> [Task brief] From the line with "Lemma IG_kernel_factor (K" to the line with "have := congr1 (mulmx^~ (selmx (s + n) n", retype every line exactly, including those two, and leave out the rest of the data below.

> [Stored data]
────────────────────────────────────────
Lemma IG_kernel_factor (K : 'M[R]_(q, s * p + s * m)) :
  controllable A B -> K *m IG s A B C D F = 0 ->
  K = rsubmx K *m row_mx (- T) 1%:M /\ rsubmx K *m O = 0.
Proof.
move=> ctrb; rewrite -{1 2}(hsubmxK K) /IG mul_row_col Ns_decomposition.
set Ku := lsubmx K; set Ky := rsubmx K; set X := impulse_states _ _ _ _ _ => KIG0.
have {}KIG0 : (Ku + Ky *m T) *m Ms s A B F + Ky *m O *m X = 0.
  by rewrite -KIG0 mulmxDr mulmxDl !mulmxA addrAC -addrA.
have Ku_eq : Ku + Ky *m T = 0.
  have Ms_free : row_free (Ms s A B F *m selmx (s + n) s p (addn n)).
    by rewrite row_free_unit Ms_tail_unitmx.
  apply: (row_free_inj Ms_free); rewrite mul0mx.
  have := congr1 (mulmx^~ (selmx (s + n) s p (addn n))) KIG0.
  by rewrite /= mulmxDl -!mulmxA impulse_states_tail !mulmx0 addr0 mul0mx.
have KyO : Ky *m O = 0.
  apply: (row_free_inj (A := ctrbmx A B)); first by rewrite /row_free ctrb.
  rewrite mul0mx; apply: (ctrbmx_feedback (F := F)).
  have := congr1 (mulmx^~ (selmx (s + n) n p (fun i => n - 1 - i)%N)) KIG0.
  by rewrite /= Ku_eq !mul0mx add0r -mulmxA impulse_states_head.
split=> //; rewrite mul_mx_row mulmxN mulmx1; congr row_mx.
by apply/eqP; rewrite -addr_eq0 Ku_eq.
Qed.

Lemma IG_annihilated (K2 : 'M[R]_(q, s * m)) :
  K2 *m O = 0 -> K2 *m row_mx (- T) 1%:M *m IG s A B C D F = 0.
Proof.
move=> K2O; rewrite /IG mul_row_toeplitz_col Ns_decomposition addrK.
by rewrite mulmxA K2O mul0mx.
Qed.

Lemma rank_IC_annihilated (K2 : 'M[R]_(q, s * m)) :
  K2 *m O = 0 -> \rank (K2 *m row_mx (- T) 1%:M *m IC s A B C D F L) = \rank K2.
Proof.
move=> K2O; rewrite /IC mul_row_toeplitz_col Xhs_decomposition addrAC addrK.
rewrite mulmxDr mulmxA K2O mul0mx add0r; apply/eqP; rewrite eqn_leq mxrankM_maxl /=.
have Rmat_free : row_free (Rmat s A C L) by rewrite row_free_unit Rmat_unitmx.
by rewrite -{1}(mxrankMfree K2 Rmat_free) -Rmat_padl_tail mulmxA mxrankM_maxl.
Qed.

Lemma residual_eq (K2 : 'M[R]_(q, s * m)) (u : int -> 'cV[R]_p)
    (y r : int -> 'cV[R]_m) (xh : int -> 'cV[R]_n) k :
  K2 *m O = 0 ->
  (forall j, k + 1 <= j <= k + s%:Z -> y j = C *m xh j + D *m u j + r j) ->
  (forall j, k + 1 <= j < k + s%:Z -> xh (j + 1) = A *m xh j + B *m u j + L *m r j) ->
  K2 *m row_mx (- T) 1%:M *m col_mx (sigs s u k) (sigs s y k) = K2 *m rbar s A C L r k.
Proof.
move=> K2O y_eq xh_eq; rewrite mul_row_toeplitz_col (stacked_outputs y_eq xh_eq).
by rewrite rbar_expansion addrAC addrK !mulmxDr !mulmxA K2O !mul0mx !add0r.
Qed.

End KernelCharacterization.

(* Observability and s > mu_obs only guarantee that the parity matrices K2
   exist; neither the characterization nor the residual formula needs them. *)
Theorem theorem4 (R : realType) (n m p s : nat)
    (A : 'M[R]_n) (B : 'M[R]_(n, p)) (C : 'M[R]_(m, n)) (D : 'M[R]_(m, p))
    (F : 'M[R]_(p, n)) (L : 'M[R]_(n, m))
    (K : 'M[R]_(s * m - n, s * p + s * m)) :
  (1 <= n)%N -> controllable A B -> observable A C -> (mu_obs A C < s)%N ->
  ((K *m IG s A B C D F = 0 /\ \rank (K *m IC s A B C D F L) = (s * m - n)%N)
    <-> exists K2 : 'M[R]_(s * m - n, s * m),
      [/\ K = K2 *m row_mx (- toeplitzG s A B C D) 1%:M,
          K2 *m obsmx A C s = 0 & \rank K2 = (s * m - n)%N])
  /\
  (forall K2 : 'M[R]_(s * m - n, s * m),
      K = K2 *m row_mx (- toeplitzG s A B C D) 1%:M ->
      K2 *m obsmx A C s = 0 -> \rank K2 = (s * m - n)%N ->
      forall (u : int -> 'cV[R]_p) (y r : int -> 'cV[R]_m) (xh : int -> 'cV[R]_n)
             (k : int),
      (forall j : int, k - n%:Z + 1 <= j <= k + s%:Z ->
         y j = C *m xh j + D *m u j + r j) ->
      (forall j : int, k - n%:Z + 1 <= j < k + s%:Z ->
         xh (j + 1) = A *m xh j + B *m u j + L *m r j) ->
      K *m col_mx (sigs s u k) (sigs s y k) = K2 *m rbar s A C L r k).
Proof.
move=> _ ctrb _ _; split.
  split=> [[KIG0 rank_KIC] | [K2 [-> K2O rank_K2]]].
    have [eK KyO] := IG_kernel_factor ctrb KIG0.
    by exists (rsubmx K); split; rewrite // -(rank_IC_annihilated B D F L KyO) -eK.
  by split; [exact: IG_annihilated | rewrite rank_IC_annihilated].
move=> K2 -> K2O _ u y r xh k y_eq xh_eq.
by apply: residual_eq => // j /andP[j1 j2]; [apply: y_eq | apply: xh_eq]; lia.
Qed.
────────────────────────────────────────
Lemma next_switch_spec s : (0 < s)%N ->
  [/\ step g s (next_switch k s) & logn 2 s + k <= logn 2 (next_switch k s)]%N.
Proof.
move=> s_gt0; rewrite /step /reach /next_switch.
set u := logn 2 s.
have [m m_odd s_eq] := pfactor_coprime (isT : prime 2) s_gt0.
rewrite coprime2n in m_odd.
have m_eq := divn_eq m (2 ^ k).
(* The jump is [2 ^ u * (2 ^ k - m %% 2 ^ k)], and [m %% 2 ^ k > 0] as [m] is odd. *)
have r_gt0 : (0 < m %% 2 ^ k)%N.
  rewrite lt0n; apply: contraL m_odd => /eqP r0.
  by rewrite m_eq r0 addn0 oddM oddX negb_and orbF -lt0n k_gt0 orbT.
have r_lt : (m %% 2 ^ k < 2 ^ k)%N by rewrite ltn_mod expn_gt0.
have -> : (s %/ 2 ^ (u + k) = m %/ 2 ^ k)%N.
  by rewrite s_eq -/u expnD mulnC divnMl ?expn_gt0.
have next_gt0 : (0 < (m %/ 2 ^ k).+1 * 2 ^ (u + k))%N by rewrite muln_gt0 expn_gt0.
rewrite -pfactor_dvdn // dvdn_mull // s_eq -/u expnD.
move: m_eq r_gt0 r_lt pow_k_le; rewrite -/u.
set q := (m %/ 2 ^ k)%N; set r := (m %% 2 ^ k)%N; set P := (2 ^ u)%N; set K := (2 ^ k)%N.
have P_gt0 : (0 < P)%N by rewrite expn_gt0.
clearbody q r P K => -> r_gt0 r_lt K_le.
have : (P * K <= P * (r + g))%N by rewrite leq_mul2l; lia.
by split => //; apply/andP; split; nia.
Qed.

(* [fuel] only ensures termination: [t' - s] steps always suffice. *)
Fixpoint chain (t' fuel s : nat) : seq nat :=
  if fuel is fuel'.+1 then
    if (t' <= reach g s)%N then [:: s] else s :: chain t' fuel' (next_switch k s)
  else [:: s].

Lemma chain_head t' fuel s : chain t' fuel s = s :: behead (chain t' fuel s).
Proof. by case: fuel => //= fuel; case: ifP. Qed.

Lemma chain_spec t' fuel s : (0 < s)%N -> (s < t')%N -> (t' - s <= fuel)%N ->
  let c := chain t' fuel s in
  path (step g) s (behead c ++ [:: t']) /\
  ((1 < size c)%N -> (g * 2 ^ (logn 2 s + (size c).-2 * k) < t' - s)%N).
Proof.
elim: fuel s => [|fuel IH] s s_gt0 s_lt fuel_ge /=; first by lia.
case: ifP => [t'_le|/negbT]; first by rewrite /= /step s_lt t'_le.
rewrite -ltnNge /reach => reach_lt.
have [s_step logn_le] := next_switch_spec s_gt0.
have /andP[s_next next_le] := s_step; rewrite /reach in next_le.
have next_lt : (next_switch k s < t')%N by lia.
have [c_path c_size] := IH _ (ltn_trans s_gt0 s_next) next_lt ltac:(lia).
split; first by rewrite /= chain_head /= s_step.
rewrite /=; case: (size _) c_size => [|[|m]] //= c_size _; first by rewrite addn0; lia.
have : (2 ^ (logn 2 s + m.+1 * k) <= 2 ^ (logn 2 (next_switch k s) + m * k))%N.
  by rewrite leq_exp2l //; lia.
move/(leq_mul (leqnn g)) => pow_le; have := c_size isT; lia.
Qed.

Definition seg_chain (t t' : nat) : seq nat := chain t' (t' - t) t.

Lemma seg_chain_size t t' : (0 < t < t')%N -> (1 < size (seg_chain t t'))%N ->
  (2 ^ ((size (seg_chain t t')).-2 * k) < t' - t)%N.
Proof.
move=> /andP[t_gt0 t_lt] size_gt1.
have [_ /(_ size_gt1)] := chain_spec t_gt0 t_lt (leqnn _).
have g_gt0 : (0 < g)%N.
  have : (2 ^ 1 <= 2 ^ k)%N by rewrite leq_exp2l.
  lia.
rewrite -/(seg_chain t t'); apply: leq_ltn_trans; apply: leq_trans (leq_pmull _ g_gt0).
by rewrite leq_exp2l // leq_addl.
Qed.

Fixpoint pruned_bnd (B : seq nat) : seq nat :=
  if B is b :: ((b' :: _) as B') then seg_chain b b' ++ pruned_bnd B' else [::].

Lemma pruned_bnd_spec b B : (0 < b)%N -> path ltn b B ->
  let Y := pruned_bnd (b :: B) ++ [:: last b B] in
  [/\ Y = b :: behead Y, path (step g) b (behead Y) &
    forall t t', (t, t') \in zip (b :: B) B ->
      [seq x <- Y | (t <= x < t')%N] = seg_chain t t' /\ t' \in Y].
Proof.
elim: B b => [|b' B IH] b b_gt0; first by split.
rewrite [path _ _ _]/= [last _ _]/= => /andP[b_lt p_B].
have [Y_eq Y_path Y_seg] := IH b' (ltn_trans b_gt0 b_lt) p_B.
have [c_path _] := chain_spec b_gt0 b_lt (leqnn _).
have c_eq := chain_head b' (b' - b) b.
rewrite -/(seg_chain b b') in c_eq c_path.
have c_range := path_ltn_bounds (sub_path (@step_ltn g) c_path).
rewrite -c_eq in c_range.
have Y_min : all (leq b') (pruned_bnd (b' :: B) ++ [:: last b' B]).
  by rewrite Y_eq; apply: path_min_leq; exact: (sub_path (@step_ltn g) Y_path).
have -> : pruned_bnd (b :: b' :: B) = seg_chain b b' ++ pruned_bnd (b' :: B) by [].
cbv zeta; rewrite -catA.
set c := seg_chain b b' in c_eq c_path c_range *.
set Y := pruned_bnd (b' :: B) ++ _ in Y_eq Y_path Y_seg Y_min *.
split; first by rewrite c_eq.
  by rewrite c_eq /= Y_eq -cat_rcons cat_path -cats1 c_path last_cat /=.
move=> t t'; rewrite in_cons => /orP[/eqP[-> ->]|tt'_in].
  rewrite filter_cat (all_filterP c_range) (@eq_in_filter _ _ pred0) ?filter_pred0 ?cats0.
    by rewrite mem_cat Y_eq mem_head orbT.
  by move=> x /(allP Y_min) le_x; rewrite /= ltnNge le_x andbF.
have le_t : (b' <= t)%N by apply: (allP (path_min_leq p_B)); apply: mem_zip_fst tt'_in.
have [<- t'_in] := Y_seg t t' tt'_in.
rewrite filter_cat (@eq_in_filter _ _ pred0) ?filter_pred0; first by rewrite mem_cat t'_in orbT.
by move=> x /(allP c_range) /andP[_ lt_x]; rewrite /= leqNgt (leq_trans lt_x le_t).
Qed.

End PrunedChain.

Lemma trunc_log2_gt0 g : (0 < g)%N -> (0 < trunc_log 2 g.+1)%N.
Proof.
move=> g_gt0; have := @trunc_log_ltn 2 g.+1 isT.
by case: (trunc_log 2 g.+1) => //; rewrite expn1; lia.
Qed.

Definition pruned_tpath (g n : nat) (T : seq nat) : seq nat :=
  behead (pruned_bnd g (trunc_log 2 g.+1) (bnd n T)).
────────────────────────────────────────
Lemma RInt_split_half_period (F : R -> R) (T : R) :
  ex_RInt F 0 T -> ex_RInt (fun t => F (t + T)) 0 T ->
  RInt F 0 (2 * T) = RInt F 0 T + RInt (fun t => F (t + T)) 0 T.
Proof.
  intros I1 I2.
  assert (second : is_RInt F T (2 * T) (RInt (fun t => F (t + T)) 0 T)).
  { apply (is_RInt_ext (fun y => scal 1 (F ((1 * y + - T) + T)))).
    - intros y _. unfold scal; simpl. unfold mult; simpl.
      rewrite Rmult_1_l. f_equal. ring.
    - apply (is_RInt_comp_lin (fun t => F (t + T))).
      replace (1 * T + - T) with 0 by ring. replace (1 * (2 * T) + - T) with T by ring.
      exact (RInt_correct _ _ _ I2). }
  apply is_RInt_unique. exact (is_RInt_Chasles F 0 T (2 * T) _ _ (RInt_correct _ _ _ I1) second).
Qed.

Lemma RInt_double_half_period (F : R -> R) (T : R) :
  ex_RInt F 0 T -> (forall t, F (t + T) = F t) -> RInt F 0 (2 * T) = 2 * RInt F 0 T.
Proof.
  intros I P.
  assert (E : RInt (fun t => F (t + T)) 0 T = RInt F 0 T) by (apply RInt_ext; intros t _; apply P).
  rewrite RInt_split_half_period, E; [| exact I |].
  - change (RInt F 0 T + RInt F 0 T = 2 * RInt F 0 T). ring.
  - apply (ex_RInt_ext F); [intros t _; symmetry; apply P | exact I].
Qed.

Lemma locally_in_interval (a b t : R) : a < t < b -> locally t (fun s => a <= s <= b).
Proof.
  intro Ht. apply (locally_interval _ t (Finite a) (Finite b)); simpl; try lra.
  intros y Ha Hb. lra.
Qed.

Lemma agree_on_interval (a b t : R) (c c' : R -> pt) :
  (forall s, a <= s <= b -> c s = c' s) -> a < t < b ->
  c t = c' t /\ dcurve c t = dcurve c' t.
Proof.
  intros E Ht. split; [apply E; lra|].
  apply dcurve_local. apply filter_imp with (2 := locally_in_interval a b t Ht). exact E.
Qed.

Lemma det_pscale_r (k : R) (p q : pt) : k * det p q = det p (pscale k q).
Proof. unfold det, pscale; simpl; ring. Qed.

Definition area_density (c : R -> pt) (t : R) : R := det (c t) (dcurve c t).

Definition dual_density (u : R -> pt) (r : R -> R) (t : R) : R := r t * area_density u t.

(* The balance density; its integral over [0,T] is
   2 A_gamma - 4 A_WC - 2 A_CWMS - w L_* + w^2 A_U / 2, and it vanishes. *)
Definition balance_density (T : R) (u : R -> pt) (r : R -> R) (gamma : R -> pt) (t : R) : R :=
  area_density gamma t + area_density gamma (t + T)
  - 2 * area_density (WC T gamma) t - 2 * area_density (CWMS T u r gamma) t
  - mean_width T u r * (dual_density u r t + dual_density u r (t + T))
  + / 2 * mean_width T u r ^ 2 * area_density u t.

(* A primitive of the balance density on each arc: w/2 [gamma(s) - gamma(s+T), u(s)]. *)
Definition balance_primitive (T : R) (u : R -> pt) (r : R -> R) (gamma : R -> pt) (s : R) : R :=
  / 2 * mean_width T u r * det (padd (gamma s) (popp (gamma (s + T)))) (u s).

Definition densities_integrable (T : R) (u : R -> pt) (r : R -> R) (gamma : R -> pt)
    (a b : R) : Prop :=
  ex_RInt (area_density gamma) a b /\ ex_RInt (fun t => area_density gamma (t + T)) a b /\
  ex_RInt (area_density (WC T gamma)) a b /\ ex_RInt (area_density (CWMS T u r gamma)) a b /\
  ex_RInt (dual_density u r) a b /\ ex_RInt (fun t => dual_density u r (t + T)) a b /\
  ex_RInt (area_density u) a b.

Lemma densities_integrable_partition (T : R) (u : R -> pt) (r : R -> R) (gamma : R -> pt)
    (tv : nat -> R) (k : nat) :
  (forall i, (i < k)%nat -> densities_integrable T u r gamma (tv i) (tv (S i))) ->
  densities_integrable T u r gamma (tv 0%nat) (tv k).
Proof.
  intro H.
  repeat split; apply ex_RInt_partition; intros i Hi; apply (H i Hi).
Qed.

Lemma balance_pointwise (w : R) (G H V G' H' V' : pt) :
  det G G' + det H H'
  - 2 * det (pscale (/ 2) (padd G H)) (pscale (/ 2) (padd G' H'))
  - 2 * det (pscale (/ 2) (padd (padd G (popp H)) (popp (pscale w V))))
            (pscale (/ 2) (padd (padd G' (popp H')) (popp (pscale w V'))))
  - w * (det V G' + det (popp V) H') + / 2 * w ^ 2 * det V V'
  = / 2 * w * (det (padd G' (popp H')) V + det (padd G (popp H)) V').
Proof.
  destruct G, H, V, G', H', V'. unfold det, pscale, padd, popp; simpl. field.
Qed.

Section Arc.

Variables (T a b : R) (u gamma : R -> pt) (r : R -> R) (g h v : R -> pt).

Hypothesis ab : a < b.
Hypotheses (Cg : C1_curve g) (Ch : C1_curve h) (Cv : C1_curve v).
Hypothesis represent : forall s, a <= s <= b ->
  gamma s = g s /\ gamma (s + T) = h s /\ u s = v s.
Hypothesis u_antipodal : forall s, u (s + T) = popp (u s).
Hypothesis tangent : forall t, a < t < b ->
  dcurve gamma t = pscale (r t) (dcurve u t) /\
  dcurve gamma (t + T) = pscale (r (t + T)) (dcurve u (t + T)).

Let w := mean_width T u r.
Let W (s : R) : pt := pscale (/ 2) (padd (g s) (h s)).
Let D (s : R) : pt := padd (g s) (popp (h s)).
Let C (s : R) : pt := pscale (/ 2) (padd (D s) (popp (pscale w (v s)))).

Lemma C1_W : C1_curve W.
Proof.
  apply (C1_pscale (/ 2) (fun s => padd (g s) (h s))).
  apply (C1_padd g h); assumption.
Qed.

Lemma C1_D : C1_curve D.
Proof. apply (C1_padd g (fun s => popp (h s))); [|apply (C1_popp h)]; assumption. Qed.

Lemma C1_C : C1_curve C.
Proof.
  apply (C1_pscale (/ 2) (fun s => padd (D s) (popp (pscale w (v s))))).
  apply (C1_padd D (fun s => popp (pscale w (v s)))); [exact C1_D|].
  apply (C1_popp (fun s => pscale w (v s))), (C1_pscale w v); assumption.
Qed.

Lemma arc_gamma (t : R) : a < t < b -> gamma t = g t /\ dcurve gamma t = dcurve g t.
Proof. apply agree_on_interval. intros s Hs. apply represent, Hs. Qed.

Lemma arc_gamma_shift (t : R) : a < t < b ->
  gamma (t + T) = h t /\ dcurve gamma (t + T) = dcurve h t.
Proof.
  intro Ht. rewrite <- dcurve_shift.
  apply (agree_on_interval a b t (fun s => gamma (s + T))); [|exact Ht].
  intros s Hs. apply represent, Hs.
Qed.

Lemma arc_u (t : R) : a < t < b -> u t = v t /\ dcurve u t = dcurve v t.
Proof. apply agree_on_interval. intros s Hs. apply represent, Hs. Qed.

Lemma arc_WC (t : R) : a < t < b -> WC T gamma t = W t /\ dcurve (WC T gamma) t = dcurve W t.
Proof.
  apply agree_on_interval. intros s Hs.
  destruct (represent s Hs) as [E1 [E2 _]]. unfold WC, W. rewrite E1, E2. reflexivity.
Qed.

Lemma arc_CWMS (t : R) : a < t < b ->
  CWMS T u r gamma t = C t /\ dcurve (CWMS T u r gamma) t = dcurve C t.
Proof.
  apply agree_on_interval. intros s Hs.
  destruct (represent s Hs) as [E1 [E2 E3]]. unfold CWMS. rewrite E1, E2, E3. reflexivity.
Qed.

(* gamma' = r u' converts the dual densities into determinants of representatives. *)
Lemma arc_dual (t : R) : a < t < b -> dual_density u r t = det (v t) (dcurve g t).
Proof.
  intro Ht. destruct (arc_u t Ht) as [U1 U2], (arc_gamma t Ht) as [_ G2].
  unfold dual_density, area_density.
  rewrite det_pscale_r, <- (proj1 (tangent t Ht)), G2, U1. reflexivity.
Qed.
────────────────────────────────────────
> [Exercise solution]
Lemma IG_kernel_factor (K : 'M[R]_(q, s * p + s * m)) :
  controllable A B -> K *m IG s A B C D F = 0 ->
  K = rsubmx K *m row_mx (- T) 1%:M /\ rsubmx K *m O = 0.
Proof.
move=> ctrb; rewrite -{1 2}(hsubmxK K) /IG mul_row_col Ns_decomposition.
set Ku := lsubmx K; set Ky := rsubmx K; set X := impulse_states _ _ _ _ _ => KIG0.
have {}KIG0 : (Ku + Ky *m T) *m Ms s A B F + Ky *m O *m X = 0.
  by rewrite -KIG0 mulmxDr mulmxDl !mulmxA addrAC -addrA.
have Ku_eq : Ku + Ky *m T = 0.
  have Ms_free : row_free (Ms s A B F *m selmx (s + n) s p (addn n)).
    by rewrite row_free_unit Ms_tail_unitmx.
  apply: (row_free_inj Ms_free); rewrite mul0mx.
  have := congr1 (mulmx^~ (selmx (s + n) s p (addn n))) KIG0.
  by rewrite /= mulmxDl -!mulmxA impulse_states_tail !mulmx0 addr0 mul0mx.
have KyO : Ky *m O = 0.
  apply: (row_free_inj (A := ctrbmx A B)); first by rewrite /row_free ctrb.
  rewrite mul0mx; apply: (ctrbmx_feedback (F := F)).
  have := congr1 (mulmx^~ (selmx (s + n) n p (fun i => n - 1 - i)%N)) KIG0.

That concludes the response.